To do: For this exercise, reproduce the entries below exactly, but only from the line containing "by rewrite -[in LHS]linA_tr mxE." through the line containing "move=> c_eq0 fX;", both included.

Data under study:
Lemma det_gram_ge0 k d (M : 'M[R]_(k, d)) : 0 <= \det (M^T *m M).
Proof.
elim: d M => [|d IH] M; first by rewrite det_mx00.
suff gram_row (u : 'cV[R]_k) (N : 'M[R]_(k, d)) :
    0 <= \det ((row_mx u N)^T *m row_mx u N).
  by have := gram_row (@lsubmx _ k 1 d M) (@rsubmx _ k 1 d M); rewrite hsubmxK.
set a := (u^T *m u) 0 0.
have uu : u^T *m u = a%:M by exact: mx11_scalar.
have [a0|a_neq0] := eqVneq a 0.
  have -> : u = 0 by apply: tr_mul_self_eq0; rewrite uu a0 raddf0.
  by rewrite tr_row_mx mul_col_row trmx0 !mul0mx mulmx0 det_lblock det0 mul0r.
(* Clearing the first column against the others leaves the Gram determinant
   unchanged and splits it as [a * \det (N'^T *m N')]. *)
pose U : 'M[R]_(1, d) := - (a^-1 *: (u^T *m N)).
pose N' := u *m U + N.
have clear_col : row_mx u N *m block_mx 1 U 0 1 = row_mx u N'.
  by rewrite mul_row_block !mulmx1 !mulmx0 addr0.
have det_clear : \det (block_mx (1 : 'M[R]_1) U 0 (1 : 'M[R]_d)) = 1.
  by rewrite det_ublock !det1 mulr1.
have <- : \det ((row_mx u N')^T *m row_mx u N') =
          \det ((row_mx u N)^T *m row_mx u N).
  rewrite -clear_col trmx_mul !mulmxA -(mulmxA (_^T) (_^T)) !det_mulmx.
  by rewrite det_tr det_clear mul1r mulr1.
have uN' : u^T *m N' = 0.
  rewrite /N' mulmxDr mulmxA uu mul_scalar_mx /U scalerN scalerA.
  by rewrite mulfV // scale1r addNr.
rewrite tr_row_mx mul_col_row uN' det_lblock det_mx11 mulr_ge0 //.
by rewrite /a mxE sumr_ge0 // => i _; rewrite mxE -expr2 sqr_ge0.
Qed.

==

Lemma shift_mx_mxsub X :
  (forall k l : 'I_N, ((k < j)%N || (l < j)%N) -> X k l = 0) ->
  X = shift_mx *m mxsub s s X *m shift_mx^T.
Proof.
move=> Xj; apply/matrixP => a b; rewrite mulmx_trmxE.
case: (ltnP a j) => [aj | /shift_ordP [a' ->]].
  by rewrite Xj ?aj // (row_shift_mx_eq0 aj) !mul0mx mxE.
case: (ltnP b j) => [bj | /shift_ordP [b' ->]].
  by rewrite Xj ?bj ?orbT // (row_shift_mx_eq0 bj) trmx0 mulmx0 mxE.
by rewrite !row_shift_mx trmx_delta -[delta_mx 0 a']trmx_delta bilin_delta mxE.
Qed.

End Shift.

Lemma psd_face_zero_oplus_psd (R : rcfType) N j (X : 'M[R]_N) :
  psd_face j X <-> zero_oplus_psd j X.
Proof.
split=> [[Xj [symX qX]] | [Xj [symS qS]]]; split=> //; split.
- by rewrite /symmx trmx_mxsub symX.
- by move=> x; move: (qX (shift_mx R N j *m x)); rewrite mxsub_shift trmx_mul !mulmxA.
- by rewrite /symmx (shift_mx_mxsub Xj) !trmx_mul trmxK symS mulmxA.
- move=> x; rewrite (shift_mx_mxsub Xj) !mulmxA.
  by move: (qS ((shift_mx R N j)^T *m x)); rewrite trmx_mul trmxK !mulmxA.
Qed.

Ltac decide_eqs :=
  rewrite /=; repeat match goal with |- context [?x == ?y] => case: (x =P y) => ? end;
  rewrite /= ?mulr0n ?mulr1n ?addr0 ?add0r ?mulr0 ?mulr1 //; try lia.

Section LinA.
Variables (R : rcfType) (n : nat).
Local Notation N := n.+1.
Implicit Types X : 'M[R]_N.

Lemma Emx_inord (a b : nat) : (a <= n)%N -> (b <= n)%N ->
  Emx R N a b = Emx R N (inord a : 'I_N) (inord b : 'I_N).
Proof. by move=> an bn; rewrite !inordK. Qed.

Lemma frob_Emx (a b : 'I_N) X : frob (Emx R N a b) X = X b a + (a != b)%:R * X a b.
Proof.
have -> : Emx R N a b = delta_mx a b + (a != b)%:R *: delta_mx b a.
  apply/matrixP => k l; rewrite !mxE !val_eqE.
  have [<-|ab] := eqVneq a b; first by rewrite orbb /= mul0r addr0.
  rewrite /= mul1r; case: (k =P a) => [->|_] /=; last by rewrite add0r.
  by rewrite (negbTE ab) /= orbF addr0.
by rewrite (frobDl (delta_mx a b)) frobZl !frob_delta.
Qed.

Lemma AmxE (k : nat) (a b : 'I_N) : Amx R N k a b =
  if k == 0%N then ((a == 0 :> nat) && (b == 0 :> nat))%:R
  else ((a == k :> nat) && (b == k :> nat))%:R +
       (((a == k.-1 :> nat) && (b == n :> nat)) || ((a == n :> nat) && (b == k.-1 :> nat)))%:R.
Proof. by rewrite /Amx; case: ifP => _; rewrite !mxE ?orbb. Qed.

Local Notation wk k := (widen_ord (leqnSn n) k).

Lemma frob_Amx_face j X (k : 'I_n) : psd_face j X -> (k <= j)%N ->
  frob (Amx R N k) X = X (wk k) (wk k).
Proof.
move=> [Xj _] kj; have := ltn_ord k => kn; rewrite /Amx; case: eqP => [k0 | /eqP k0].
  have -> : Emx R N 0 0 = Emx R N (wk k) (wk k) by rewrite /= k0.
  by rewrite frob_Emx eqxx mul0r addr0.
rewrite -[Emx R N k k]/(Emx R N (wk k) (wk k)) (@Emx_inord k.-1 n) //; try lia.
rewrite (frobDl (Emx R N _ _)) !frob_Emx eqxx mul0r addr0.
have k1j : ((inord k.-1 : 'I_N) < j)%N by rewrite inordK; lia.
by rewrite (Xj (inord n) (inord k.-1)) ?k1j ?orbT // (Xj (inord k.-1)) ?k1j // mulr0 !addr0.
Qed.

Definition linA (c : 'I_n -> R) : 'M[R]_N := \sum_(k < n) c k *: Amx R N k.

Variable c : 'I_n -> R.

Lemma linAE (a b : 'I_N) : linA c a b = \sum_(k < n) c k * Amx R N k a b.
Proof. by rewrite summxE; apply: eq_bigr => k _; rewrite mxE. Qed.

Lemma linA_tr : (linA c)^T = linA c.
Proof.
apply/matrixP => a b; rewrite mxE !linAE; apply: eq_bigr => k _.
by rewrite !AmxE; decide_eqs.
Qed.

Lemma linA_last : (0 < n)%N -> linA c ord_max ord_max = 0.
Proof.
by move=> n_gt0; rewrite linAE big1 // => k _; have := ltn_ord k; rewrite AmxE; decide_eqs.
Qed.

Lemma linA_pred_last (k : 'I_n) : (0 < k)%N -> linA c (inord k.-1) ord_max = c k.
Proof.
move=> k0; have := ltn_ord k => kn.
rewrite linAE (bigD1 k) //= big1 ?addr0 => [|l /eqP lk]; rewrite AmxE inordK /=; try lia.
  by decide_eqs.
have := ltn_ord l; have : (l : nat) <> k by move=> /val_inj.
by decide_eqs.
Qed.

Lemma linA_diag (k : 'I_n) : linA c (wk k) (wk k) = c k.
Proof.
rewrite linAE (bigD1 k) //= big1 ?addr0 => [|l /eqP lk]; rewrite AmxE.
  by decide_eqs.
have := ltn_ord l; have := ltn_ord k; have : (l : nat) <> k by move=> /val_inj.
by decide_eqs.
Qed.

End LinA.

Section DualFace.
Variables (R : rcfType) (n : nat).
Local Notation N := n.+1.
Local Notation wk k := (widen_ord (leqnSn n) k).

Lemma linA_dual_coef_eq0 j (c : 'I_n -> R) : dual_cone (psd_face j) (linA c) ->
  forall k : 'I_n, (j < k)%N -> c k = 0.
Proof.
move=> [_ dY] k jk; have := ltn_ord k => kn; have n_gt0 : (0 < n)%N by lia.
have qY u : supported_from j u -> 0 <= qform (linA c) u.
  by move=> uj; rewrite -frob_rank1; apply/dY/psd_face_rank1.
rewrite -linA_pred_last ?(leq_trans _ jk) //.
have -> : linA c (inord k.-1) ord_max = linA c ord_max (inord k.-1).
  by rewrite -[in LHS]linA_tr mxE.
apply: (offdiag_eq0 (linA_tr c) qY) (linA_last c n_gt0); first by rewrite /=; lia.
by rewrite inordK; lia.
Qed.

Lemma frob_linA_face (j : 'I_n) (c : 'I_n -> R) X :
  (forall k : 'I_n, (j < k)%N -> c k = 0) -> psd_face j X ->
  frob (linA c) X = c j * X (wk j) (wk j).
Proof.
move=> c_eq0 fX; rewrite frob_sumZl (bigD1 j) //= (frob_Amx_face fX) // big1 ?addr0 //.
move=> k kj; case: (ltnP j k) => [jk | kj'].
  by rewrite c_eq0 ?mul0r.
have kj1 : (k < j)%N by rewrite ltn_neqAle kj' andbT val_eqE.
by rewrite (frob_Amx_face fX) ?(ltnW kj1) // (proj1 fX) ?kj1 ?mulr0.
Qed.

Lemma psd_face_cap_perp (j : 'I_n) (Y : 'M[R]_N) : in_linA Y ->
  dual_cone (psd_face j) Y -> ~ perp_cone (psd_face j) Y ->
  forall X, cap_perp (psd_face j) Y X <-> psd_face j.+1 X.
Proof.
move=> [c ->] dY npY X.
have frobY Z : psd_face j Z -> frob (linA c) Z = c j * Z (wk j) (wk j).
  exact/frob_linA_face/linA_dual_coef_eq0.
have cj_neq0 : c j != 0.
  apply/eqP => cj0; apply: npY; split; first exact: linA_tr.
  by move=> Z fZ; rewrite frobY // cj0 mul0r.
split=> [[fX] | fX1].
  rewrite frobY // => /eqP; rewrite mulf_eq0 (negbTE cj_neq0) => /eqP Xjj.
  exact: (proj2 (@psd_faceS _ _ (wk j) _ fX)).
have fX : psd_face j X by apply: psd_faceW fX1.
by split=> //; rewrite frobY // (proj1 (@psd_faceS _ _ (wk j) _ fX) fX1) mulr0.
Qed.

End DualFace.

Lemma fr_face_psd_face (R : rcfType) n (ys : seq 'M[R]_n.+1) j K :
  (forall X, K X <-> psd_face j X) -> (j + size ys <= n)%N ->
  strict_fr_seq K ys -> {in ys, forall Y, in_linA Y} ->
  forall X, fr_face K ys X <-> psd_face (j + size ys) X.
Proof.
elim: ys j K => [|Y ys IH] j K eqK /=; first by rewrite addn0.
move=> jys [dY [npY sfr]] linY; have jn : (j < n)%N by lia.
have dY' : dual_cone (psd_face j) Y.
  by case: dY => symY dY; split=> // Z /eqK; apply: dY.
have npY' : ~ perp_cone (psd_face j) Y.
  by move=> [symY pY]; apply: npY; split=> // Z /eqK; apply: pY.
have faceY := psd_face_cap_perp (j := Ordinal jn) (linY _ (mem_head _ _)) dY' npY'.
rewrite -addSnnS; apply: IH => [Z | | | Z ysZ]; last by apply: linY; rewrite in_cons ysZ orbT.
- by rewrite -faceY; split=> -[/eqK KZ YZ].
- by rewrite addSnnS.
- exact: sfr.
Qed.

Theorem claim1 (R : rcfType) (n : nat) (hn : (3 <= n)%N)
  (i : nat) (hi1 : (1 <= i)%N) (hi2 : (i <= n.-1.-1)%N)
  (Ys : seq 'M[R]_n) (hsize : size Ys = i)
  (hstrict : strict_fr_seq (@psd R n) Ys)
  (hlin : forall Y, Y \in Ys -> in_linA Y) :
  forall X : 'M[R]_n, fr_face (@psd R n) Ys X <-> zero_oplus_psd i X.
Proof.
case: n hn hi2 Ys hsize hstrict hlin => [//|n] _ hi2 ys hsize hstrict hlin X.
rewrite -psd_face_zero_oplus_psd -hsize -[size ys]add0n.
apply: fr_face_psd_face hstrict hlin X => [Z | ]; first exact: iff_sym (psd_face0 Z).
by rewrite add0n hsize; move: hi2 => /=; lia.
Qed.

Written solution:
  by rewrite -[in LHS]linA_tr mxE.
apply: (offdiag_eq0 (linA_tr c) qY) (linA_last c n_gt0); first by rewrite /=; lia.
by rewrite inordK; lia.
Qed.

Lemma frob_linA_face (j : 'I_n) (c : 'I_n -> R) X :
  (forall k : 'I_n, (j < k)%N -> c k = 0) -> psd_face j X ->
  frob (linA c) X = c j * X (wk j) (wk j).
Proof.
move=> c_eq0 fX; rewrite frob_sumZl (bigD1 j) //= (frob_Amx_face fX) // big1 ?addr0 //.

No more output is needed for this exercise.